Bitmeye başlayalı çok olmadı. Görmüş, beğenmiş, sevişmiştik. O gün uçağı kaçırdın. Belki sadece bir günlük sevgi kıvılcımının parlayıp, bizi tutuşturmaya yetmesinin tek sebebiydi bu, uçağı kaçırman. Kim bilir kaçmasaydı uçağın ve kalmasaydın bende, sevişmeseydik hiç sevişmemiş gibi ömrümüzde, bitmeye başlamazdık, çoktan unutmuş olurduk belki de.

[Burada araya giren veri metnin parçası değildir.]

(* There is an absolute constant $c>0$ such that the following holds. Let $(V,E^+\uplus E^-)$ be a Correlation Clustering instance with optimum cost $\mathrm{opt}$, let $\mathcal C$ be a clustering of $V$ with $\mathrm{obj}(\mathcal C)\le3\,\mathrm{opt}$, and let $\mathcal K$ be the partition of $V$ constructed from $\mathcal C$ as described in the context (with $\beta=0.1$). Then $\mathrm{obj}(\mathcal K)\le c\cdot\mathrm{opt}$, where $\mathcal K$ is viewed as a clustering.
   Context: A Correlation Clustering instance consists of a finite vertex set $V$ and a partition $E^+\uplus E^-=\binom V2$ of unordered pairs of distinct vertices into $+$edges and $-$edges. For a clustering (partition) $\mathcal C$ of $V$, $\mathrm{obj}(\mathcal C)$ is the number of $+$edges between different parts plus the number of $-$edges inside parts; $\mathrm{opt}$ is its minimum. By convention every vertex has a $+$ self-loop, so the set $N^+_u$ of $+$neighbours of $u$ contains $u$ (self-loops never contribute to cost). $A\triangle B$ denotes symmetric difference. Construction of $\mathcal K$ with $\beta=0.1$: for every non-singleton $C\in\mathcal C$, mark every $u\in C$ with $|N^+_u\triangle C|>\frac\beta2|C|$, and then, if at least $\frac{\beta|C|}{3}$ vertices of $C$ are marked, mark all vertices of $C$. $\mathcal K$ is obtained from $\mathcal C$ by removing every marked vertex from its cluster and making it a singleton cluster. The parts of $\mathcal K$ are called atoms. *)

From mathcomp Require Import all_boot.
Set Implicit Arguments. Unset Strict Implicit. Unset Printing Implicit Defensive.

Section CC.
Variable V : finType.
(* A Correlation Clustering instance on V: [pos u v] means {u,v} is a +edge;
   every other pair of distinct vertices is a -edge. [pos] is assumed symmetric
   in the theorem. *)
Variable pos : rel V.

Definition disagree (P : {set {set V}}) (u v : V) : bool :=
  (u != v) && (if pos u v then pblock P u != pblock P v
               else pblock P u == pblock P v).

(* obj counts unordered pairs: the ordered count is exactly twice it (pos symmetric) *)
Definition obj (P : {set {set V}}) : nat :=
  #|[set p : V * V | disagree P p.1 p.2]| %/ 2.

Definition singletons : {set {set V}} := [set [set x] | x in V].

Definition opt : nat :=
  \big[minn/obj singletons]_(P : {set {set V}} | partition P [set: V]) obj P.

Definition Nplus (u : V) : {set V} := [set v | (v == u) || pos u v].

Definition symdiff (A B : {set V}) : {set V} := (A :\: B) :|: (B :\: A).

(* beta = 1/10: |N^+_u (sym.diff.) C| > (beta/2)|C|  <=>  20 |..| > |C| *)
Definition bad (C : {set V}) (u : V) : bool :=
  20 * #|symdiff (Nplus u) C| > #|C|.

(* marking inside a non-singleton cluster C;
   at least beta|C|/3 marked  <=>  30 * #marked >= |C| *)
Definition marked (P : {set {set V}}) (u : V) : bool :=
  [exists C in P, [&& u \in C, 1 < #|C| &
     bad C u || (#|C| <= 30 * #|[set w in C | bad C w]|)]].

Definition Mset (P : {set {set V}}) : {set V} := [set u | marked P u].

Definition Kof (P : {set {set V}}) : {set {set V}} :=
  ([set C :\: Mset P | C in P] :\ set0) :|: [set [set u] | u in Mset P].

End CC.

From mathcomp Require Import all_boot zify.
Set Implicit Arguments. Unset Strict Implicit. Unset Printing Implicit Defensive.

(* Disagreements are counted as ordered pairs, of which there are 2 obj.  A
   pair that disagrees in K but not in C has a marked endpoint u whose
   C-cluster A contains the other endpoint, so K pays at most |A| extra per
   marked vertex of A.  A bad vertex u of A has |A| <= 20 |N^+_u Δ A|, and
   N^+_u Δ A consists of disagreements of C at u.  If all of A was marked
   then at least |A|/30 of its vertices are bad, which pays for |A|^2;
   otherwise every marked vertex of A is bad and pays for itself.  Hence
   obj K <= 1201 obj C <= 3603 opt. *)

Section OrderedPairs.
Variable T : finType.

Lemma card_pairs (r : rel T) :
  #|[set p : T * T | r p.1 p.2]| = \sum_u #|[set v | r u v]|.
Proof.
rewrite -sum1_card (eq_bigl (fun p : T * T => predT p.1 && r p.1 p.2)) => [|p].
  rewrite -(pair_big_dep predT r (fun _ _ => 1)) /=.
  by apply: eq_bigr => u _; rewrite sum1_card; apply: eq_card => v; rewrite inE.
by rewrite inE.
Qed.

Lemma card_pairs_swap (r : rel T) :
  #|[set p : T * T | r p.2 p.1]| = #|[set p : T * T | r p.1 p.2]|.
Proof.
have swapK : involutive (fun p : T * T => (p.2, p.1)) by case.
rewrite -(card_imset _ (inv_inj swapK)); apply: eq_card => p.
by rewrite -[p in LHS]swapK mem_imset ?inE //; apply: inv_inj.
Qed.

Lemma card_pairs_sym_irrefl (r : rel T) : symmetric r -> irreflexive r ->
  #|[set p : T * T | r p.1 p.2]|
    = 2 * #|[set p : T * T | r p.1 p.2 && (enum_rank p.1 < enum_rank p.2)]|.
Proof.
move=> r_sym r_irr.
set L := [set p : T * T | _ && _].
set R := [set p : T * T | r p.2 p.1 && (enum_rank p.2 < enum_rank p.1)].
have -> : [set p : T * T | r p.1 p.2] = L :|: R.
  apply/setP => [[a b]]; rewrite !inE /= [r b a]r_sym -andb_orr.
  case rab: (r a b) => //=; apply/esym; rewrite -neq_ltn.
  by apply: contraFN (r_irr a) => /eqP/val_inj/enum_rank_inj ab; rewrite {2}ab.
have LR0 : L :&: R = set0.
  by apply/setP => [[a b]]; rewrite !inE /=; case: ltngtP; rewrite ?andbF.
have RL : #|R| = #|L|.
  exact: (card_pairs_swap (fun a b => r a b && (enum_rank a < enum_rank b))).
by rewrite cardsU LR0 cards0 RL; lia.
Qed.

End OrderedPairs.

Section Disagreements.
Variable V : finType.
Variable pos : rel V.
Hypothesis pos_sym : symmetric pos.

Definition disagreements (P : {set {set V}}) := [set p : V * V | disagree pos P p.1 p.2].

Definition disagree_deg (P : {set {set V}}) (u : V) := #|[set v | disagree pos P u v]|.

Lemma disagree_sym P : symmetric (disagree pos P).
Proof. by move=> u v; rewrite /disagree eq_sym pos_sym [pblock P v == _]eq_sym. Qed.

Lemma card_disagreements P : #|disagreements P| = 2 * obj pos P.
Proof.
rewrite /obj -/(disagreements P) /disagreements card_pairs_sym_irrefl.
- by rewrite mulKn.
- exact: disagree_sym.
- by move=> u; rewrite /disagree eqxx.
Qed.

Variable P : {set {set V}}.
Hypothesis P_part : partition P [set: V].

Let P_cover : cover P = [set: V]. Proof. by case/and3P: P_part => /eqP. Qed.
Let P_triv : trivIset P. Proof. by case/and3P: P_part. Qed.
Let mem_pblockP u : u \in pblock P u. Proof. by rewrite mem_pblock P_cover inE. Qed.
Let pblockP u : pblock P u \in P. Proof. by apply: pblock_mem; rewrite P_cover inE. Qed.

Lemma sum_over_blocks (F : V -> nat) :
  \sum_u F u = \sum_(A in P) \sum_(u in A) F u.
Proof.
rewrite -(big_trivIset _ P_triv) P_cover.
by apply: eq_bigl => u; rewrite inE.
Qed.

Local Notation M := (Mset pos P).
Local Notation K := (Kof pos P).

Definition bad_part (A : {set V}) := [set w in A | bad pos A w].

Lemma marked_pblock u : u \in M ->
  bad pos (pblock P u) u || (#|pblock P u| <= 30 * #|bad_part (pblock P u)|).
Proof.
rewrite inE => /existsP [A] /and4P [AP uA _].
by rewrite (def_pblock P_triv AP uA).
Qed.

Definition atom x := if x \in M then [set x] else pblock P x :\: M.

Lemma mem_atom x : x \in atom x.
Proof. by rewrite /atom; case: ifP => xM; rewrite ?set11 // in_setD xM mem_pblockP. Qed.

Lemma atom_Kof x : atom x \in K.
Proof.
rewrite /Kof /atom in_setU in_setD1; case: ifP => xM.
  by rewrite (imset_f (fun u => [set u])) ?orbT.
rewrite (imset_f (fun A => A :\: M) (pblockP x)) andbT; apply/orP; left.
apply: contraFN xM => /eqP/setP/(_ x).
by rewrite in_setD mem_pblockP andbT !inE => /negbFE.
Qed.

Lemma Kof_atom A x : A \in K -> x \in A -> A = atom x.
Proof.
rewrite /atom in_setU in_setD1 => /orP [/andP [_ /imsetP [B BP ->]] | /imsetP [u uM ->]].
  by rewrite in_setD => /andP [/negbTE -> xB]; rewrite (def_pblock P_triv BP xB).
by rewrite in_set1 => /eqP ->; rewrite uM.
Qed.

Lemma pblock_Kof x : pblock K x = atom x.
Proof.
apply: def_pblock (atom_Kof x) (mem_atom x).
apply/trivIsetP => A B AK BK; apply: contraR => /pred0Pn [y /andP [yA yB]].
by rewrite (Kof_atom AK yA) (Kof_atom BK yB).
Qed.

Lemma atom_sub_pblock x : atom x \subset pblock P x.
Proof. by rewrite /atom; case: ifP => _; rewrite ?sub1set ?subsetDl. Qed.

Lemma pblock_Kof_eq u v : pblock K u = pblock K v -> pblock P u = pblock P v.
Proof.
rewrite !pblock_Kof => Kuv; apply: same_pblock => //.
by rewrite (subsetP (atom_sub_pblock v)) // -Kuv mem_atom.
Qed.

Lemma pblock_Kof_unmarked u v : u \notin M -> v \notin M ->
  pblock P u = pblock P v -> pblock K u = pblock K v.
Proof. by rewrite !pblock_Kof /atom => /negbTE -> /negbTE -> ->. Qed.

Definition marked_pair u v := (u \in M) && (v \in pblock P u).

Lemma eq_pblock_Kof u v : ~~ marked_pair u v -> ~~ marked_pair v u ->
  (pblock K u == pblock K v) = (pblock P u == pblock P v).
Proof.
move=> nuv nvu; apply/eqP/eqP => [/pblock_Kof_eq // | eqP].
apply: pblock_Kof_unmarked => //.
  by apply: contra nuv => uM; rewrite /marked_pair uM eqP mem_pblockP.
by apply: contra nvu => vM; rewrite /marked_pair vM -eqP mem_pblockP.
Qed.

Lemma disagree_Kof u v : disagree pos K u v ->
  [|| disagree pos P u v, marked_pair u v | marked_pair v u].
Proof.
move=> dK; apply/norP => [[dP /norP [nuv nvu]]]; move: dK dP.
by rewrite /disagree eq_pblock_Kof // => ->.
Qed.

Lemma card_disagreements_Kof :
  #|disagreements K| <= #|disagreements P| + 2 * #|[set p : V * V | marked_pair p.1 p.2]|.
Proof.
set E := [set p : V * V | _]; set E' := [set p : V * V | marked_pair p.2 p.1].
have sub : disagreements K \subset disagreements P :|: E :|: E'.
  by apply/subsetP => p; rewrite !inE -orbA => /disagree_Kof.
have := (leq_card_setU (disagreements P :|: E) E').1.
have := (leq_card_setU (disagreements P) E).1.
have := subset_leq_card sub; have : #|E'| = #|E| by apply: card_pairs_swap.
lia.
Qed.

Lemma card_marked_pairs :
  #|[set p : V * V | marked_pair p.1 p.2]| = \sum_(A in P) #|A :&: M| * #|A|.
Proof.
rewrite card_pairs sum_over_blocks; apply: eq_bigr => A AP.
rewrite (big_setID M) /= -sum_nat_const [X in _ + X]big1 ?addn0 => [|u].
  apply: eq_bigr => u /setIP [uA uM].
  by apply: eq_card => v; rewrite inE /marked_pair uM (def_pblock P_triv AP uA).
by move=> /setDP [_ uM]; apply: eq_card0 => v; rewrite inE /marked_pair (negbTE uM).
Qed.

Lemma symdiff_pblock_sub x :
  symdiff (Nplus pos x) (pblock P x) \subset [set v | disagree pos P x v].
Proof.
apply/subsetP => v; rewrite /symdiff /Nplus /disagree !inE.
case: (eqVneq v x) => [-> | vx] /=; first by rewrite mem_pblockP.
case: (pos x v) => /=; rewrite ?andbT ?andbF ?orbF.
  by apply: contraNneq => ->.
by move/(same_pblock P_triv) => ->.
Qed.

Lemma bad_pblock x : bad pos (pblock P x) x -> #|pblock P x| <= 20 * disagree_deg P x.
Proof.
rewrite /bad => /ltnW; move/subset_leq_card: (symdiff_pblock_sub x).
rewrite -/(disagree_deg P x); lia.
Qed.

Lemma card_bad_part A : A \in P ->
  #|bad_part A| * #|A| <= 20 * \sum_(u in A) disagree_deg P u.
Proof.
move=> AP; rewrite -sum_nat_const big_distrr /=.
apply: (@leq_trans (\sum_(u in bad_part A) 20 * disagree_deg P u)).
  apply: leq_sum => u; rewrite inE => /andP [uA].
  by rewrite -(def_pblock P_triv AP uA); apply: bad_pblock.
by apply: (sub_le_big leqnn (fun m n => leq_addr n m)) => u; rewrite inE => /andP [].
Qed.

Lemma card_marked_block A : A \in P ->
  #|A :&: M| * #|A| <= 600 * \sum_(u in A) disagree_deg P u.
Proof.
move=> AP; have bad_le := card_bad_part AP.
case: (leqP #|A| (30 * #|bad_part A|)) => [heavy | light].
  have AM_le : #|A :&: M| <= #|A| by apply/subset_leq_card/subsetIl.
  have := leq_mul AM_le (leqnn #|A|); have := leq_mul heavy (leqnn #|A|); nia.
have AM_bad : A :&: M \subset bad_part A.
  apply/subsetP => u /setIP [uA /marked_pblock].
  by rewrite (def_pblock P_triv AP uA) leqNgt light orbF inE uA.
have := leq_mul (subset_leq_card AM_bad) (leqnn #|A|); nia.
Qed.

Lemma card_disagreements_Kof_le : #|disagreements K| <= 1201 * #|disagreements P|.
Proof.
have := card_disagreements_Kof; rewrite card_marked_pairs.
have : \sum_(A in P) #|A :&: M| * #|A| <= 600 * #|disagreements P|.
  rewrite card_pairs sum_over_blocks big_distrr.
  by apply: leq_sum => A; apply: card_marked_block.
lia.
Qed.

End Disagreements.

Theorem lemma6 :
  exists c : nat, 0 < c /\
  forall (V : finType) (pos : rel V), symmetric pos ->
  forall C : {set {set V}}, partition C [set: V] ->
  obj pos C <= 3 * opt pos ->
  obj pos (Kof pos C) <= c * opt pos.
Proof.
exists 3603; split => // V pos pos_sym C C_part obj_le.
have := card_disagreements_Kof_le pos C_part.
rewrite !card_disagreements //; lia.
Qed.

Sonra acımasızca saldıran yalnızlığımıza karşı ittifak oluşturduk. Güçlenmeye ihtiyacımız vardı, ayakta kalmaya, yalnızlığa dayanabilmek için bir süre daha. Çıkıp geldim peşinden. Çağır istedim. Gel de istedim, dedin sende. Biteceğini, bitmesi gerektiğini biliyorduk. Hatta pek de gizli olmayan bir övünç duyuyorduk ezberletilmiş sevgilerin dışına taşabilmenin, biteceğini bilmenin yaralamasına izin vermeyişine. Sonsuzluk işaretinin kesişim noktasıydık biz sadece. Sen beni şimdiki zamana bağlıyordun. Geleceğin ne olacağı umurumuzda bile değildi. Ben hazırdım sonsuzluğun sonunda damarlarıma verilecek acıya.
Şimdi yavaş yavaş geliyorum kendime. Dün gece verilmeye başlandı zehir damarlarıma. Acı eşiği aşıldığından sadece çenemi kasıyorum. Artık sıkı değil yumruklarım, direnmiyorum. Sonsuzluk bitiyor. Ayrılıp kesişim noktamızdan, hızla devineceğiz ters istikametlere.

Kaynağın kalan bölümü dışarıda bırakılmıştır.